Patient Education and Consent

Special patient preparations are minimal for totally extraperitoneal (TEP) repair. Patients should not eat after midnight before the operation. Shaving the operative site before arrival at the hospital should be discouraged.

Informed consent should center on the alternatives to TEP and on potential complications, including recurrence. Patients should be aware that TEP requires general anesthesia, which carries its own attendant risks. An alternative is an anterior repair with local anesthesia.

There are several complications that are potentially severe in TEP but typically negligible in anterior repairs. Life-threatening hemorrhage due to major vascular injuries is possible. Entry into the peritoneum may occur during the procedure potentially resulting in visceral injury and adhesions.

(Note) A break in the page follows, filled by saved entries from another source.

Lemma approx_error_inner f j k : (j < N)%nat -> (c j <= k)%nat -> (S k < c (S j))%nat ->
  (R_op alpha f k - approx f k)%C
  = (alpha k * (csum (c j) k f - block_mean alpha (c j) (c (S j) - 2) f))%C.
Proof.
  intros HjN Hjk Hk; rewrite approx_error, (piece_block c N c_incr j k) by (auto; lia).
  destruct (Nat.eqb_spec (S k) (c (S j))); [lia|].
  unfold coef; destruct (Nat.eqb_spec (2 * j) (2 * N)); [lia|].
  rewrite Nat.odd_even, Nat.div2_double, (csum_lt_split f (c j) k) by lia; ring.
Qed.

Lemma approx_error_last f j : (j < N)%nat ->
  (R_op alpha f (c (S j) - 1) - approx f (c (S j) - 1))%C = RtoC 0.
Proof.
  intros HjN; pose proof (c_incr j HjN).
  rewrite approx_error, (piece_block c N c_incr j) by (auto; lia).
  replace (S (c (S j) - 1)) with (c (S j)) by lia; rewrite Nat.eqb_refl.
  unfold coef; destruct (Nat.eqb_spec (2 * j + 1) (2 * N)); [lia|].
  replace (2 * j + 1)%nat with (S (2 * j)) by lia; rewrite Nat.odd_succ, Nat.even_even,
    Nat.div2_succ_double.
  destruct (c (S j)) as [|m] eqn:E; [lia|]; simpl; replace (m - 0)%nat with m by lia; ring.
Qed.

Lemma approx_error_tail f k : (c N <= k)%nat ->
  (R_op alpha f k - approx f k)%C = (alpha k * (csum (c N) k f - tail_mean alpha (c N) f))%C.
Proof.
  intros Hk; rewrite approx_error, (piece_tail c N c_incr k Hk); unfold coef; rewrite Nat.eqb_refl.
  rewrite (csum_lt_split f (c N) k) by lia; ring.
Qed.

Lemma coef_plus f g : ell2 f -> ell2 g -> forall i,
  coef i (fun j => f j + g j)%C = (coef i f + coef i g)%C.
Proof.
  intros Hf Hg i; unfold coef.
  destruct (i =? 2 * N).
  - rewrite csum_lt_plus, tail_mean_plus by (now apply (tail_mean_summable _ _ eps)); ring.
  - destruct (Nat.odd i); [apply csum_lt_plus|].
    rewrite csum_lt_plus, block_mean_plus; ring.
Qed.

Lemma coef_scal (z : C) f : ell2 f -> forall i,
  coef i (fun j => z * f j)%C = (z * coef i f)%C.
Proof.
  intros Hf i; unfold coef.
  destruct (i =? 2 * N).
  - rewrite csum_lt_scal, tail_mean_scal by (now apply (tail_mean_summable _ _ eps)); ring.
  - destruct (Nat.odd i); [apply csum_lt_scal|].
    rewrite csum_lt_scal, block_mean_scal; ring.
Qed.

Lemma ell2_of_weight_bound (h : nat -> C) (K : R) :
  (forall k, Cmod (h k) ^ 2 <= K * weight alpha k) -> ell2 h.
Proof.
  intros Hh; apply (ex_series_le (V := R_CompleteNormedModule) _ (fun k => K * weight alpha k)).
  - intros k; change (norm ?x) with (Rabs x); rewrite Rabs_right by (apply Rle_ge, pow2_ge_0).
    apply Hh.
  - exact (ex_series_scal_l K (weight alpha) alpha_l2).
Qed.

Lemma approx_linear : linear_l2 approx.
Proof.
  split; [|split].
  - intros f Hf; apply (ell2_of_weight_bound _ (rsum 0 (2 * N) (fun i => Cmod (coef i f) ^ 2))).
    intros k; rewrite approx_eq, Cmod_mult_sq; apply Rmult_le_compat_r; [apply pow2_ge_0|].
    apply (rsum_term_le (fun i => Cmod (coef i f) ^ 2)); [intros; apply pow2_ge_0|].
    pose proof (piece_le c N k); lia.
  - intros f g Hf Hg k; rewrite !approx_eq, coef_plus by assumption; ring.
  - intros z f Hf k; rewrite !approx_eq, coef_scal by assumption; ring.
Qed.

Lemma approx_rank : rank_le approx (pred (2 * N + 2)).
Proof.
  replace (pred (2 * N + 2)) with (S (2 * N)) by lia.
  exists piece_vec; split.
  - intros i _; apply (ell2_of_weight_bound _ 1); intros k; unfold piece_vec.
    destruct (piece c N k =? i); [unfold weight; lra|].
    rewrite Cmod_0; pose proof (weight_nonneg alpha k); simpl; lra.
  - intros f _; exists (fun i => coef i f); reflexivity.
Qed.

Section ErrorBound.
Variable f : nat -> C.
Hypothesis f_l2 : ell2 f.

Let G (k : nat) : R := Cmod (op_sub (R_op alpha) approx f k) ^ 2.
Let F (k : nat) : R := Cmod (f k) ^ 2.
Let K : R := eps ^ 2 / 2.

Lemma block_error_le j : (j < N)%nat ->
  rsum (c j) (c (S j) - 1) G <= K * rsum (c j) (c (S j) - 1) F.
Proof.
  intros HjN; pose proof (c_incr j HjN).
  assert (HK : 0 <= K) by (unfold K; pose proof (pow2_ge_0 eps); lra).
  assert (Hlast : G (c (S j) - 1) = 0)
    by (unfold G, op_sub; rewrite approx_error_last, Cmod_0 by exact HjN; ring).
  destruct (Nat.eq_dec (c (S j)) (S (c j))) as [Hone|Hlong].
  - rewrite Hone, Nat.sub_succ, Nat.sub_0_r in Hlast |- *; rewrite !rsum_single, Hlast.
    apply Rmult_le_pos; [exact HK | apply pow2_ge_0].
  - set (b := (c (S j) - 2)%nat).
    rewrite (rsum_split G (c j) b), (rsum_split F (c j) b) by (unfold b; lia).
    replace (S b) with (c (S j) - 1)%nat by (unfold b; lia).
    rewrite !rsum_single, Hlast.
    rewrite (rsum_ext G (fun k => weight alpha k
                                  * Cmod (csum (c j) k f - block_mean alpha (c j) b f) ^ 2)).
    + assert (HL : L_I alpha (c j) b <= eps).
      { replace b with (S b - 1)%nat by lia; apply block_L; unfold b; lia. }
      pose proof (block_variance_le alpha eps (c j) b f eps_nonneg HL) as Hvar.
      assert (0 <= F (c (S j) - 1)) by apply pow2_ge_0.
      unfold K, F in *; nra.
    + intros k Hk; unfold G, op_sub; rewrite (approx_error_inner f j k) by (unfold b in Hk; lia).
      apply Cmod_mult_sq.
Qed.

Lemma prefix_error_le j : (j <= N)%nat -> rsum_lt G (c j) <= K * rsum_lt F (c j).
Proof.
  induction j as [|j IH]; intros HjN; [rewrite c_zero; simpl; lra|].
  pose proof (c_incr j HjN).
  replace (c (S j)) with (S (c (S j) - 1)) by lia.
  rewrite (rsum_lt_split G (c j)), (rsum_lt_split F (c j)) by lia.
  pose proof (block_error_le j HjN); specialize (IH ltac:(lia)); lra.
Qed.

Lemma partial_error_le n : rsum 0 n G <= K * Series F.
Proof.
  assert (HK : 0 <= K) by (unfold K; pose proof (pow2_ge_0 eps); lra).
  assert (Hsplit := rsum_lt_add_Series F (c N) f_l2).
  assert (Htail : 0 <= Series (fun n => F (c N + n)%nat)).
  { apply Series_nonneg; [intros; apply pow2_ge_0|].
    exact (proj1 (ex_series_incr_n F (c N)) f_l2). }
  pose proof (prefix_error_le N (le_n _)) as Hprefix.
  assert (HG : forall a b, 0 <= rsum a b G) by (intros; apply rsum_nonneg; intros; apply pow2_ge_0).
  destruct (le_lt_dec (S n) (c N)) as [Hn|Hn].
  - assert (Hmono : rsum_lt G (S n) <= rsum_lt G (c N)).
    { replace (c N) with (S (c N - 1))%nat by lia.
      rewrite (rsum_lt_split G (S n) (c N - 1)) by lia.
      pose proof (HG (S n) (c N - 1)%nat); lra. }
    change (rsum 0 n G) with (rsum_lt G (S n)); nra.
  - change (rsum 0 n G) with (rsum_lt G (S n)); rewrite (rsum_lt_split G (c N)) by lia.
    assert (Htail_error : rsum (c N) n G <= K * Series (fun n => F (c N + n)%nat)).
    { rewrite (rsum_ext G (fun k => weight alpha k
                                    * Cmod (csum (c N) k f - tail_mean alpha (c N) f) ^ 2)).
      - exact (tail_mean_variance_le alpha f eps (c N) alpha_l2 f_l2 eps_nonneg tail_L n).
      - intros k Hk; unfold G, op_sub; rewrite approx_error_tail by lia; apply Cmod_mult_sq. }
    nra.
Qed.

Patients who are undergoing laparoscopic repairs should be educated regarding expected postoperative pain, possible temporary discoloration of the groin and scrotum, and seroma formation within the first few postoperative days. It is also important to discuss the possibility of nerve injury and chronic postoperative pain (defined as pain lasting longer than 6 months). Although this is an uncommon result, it can be highly frustrating to the patient and should therefore be addressed beforehand.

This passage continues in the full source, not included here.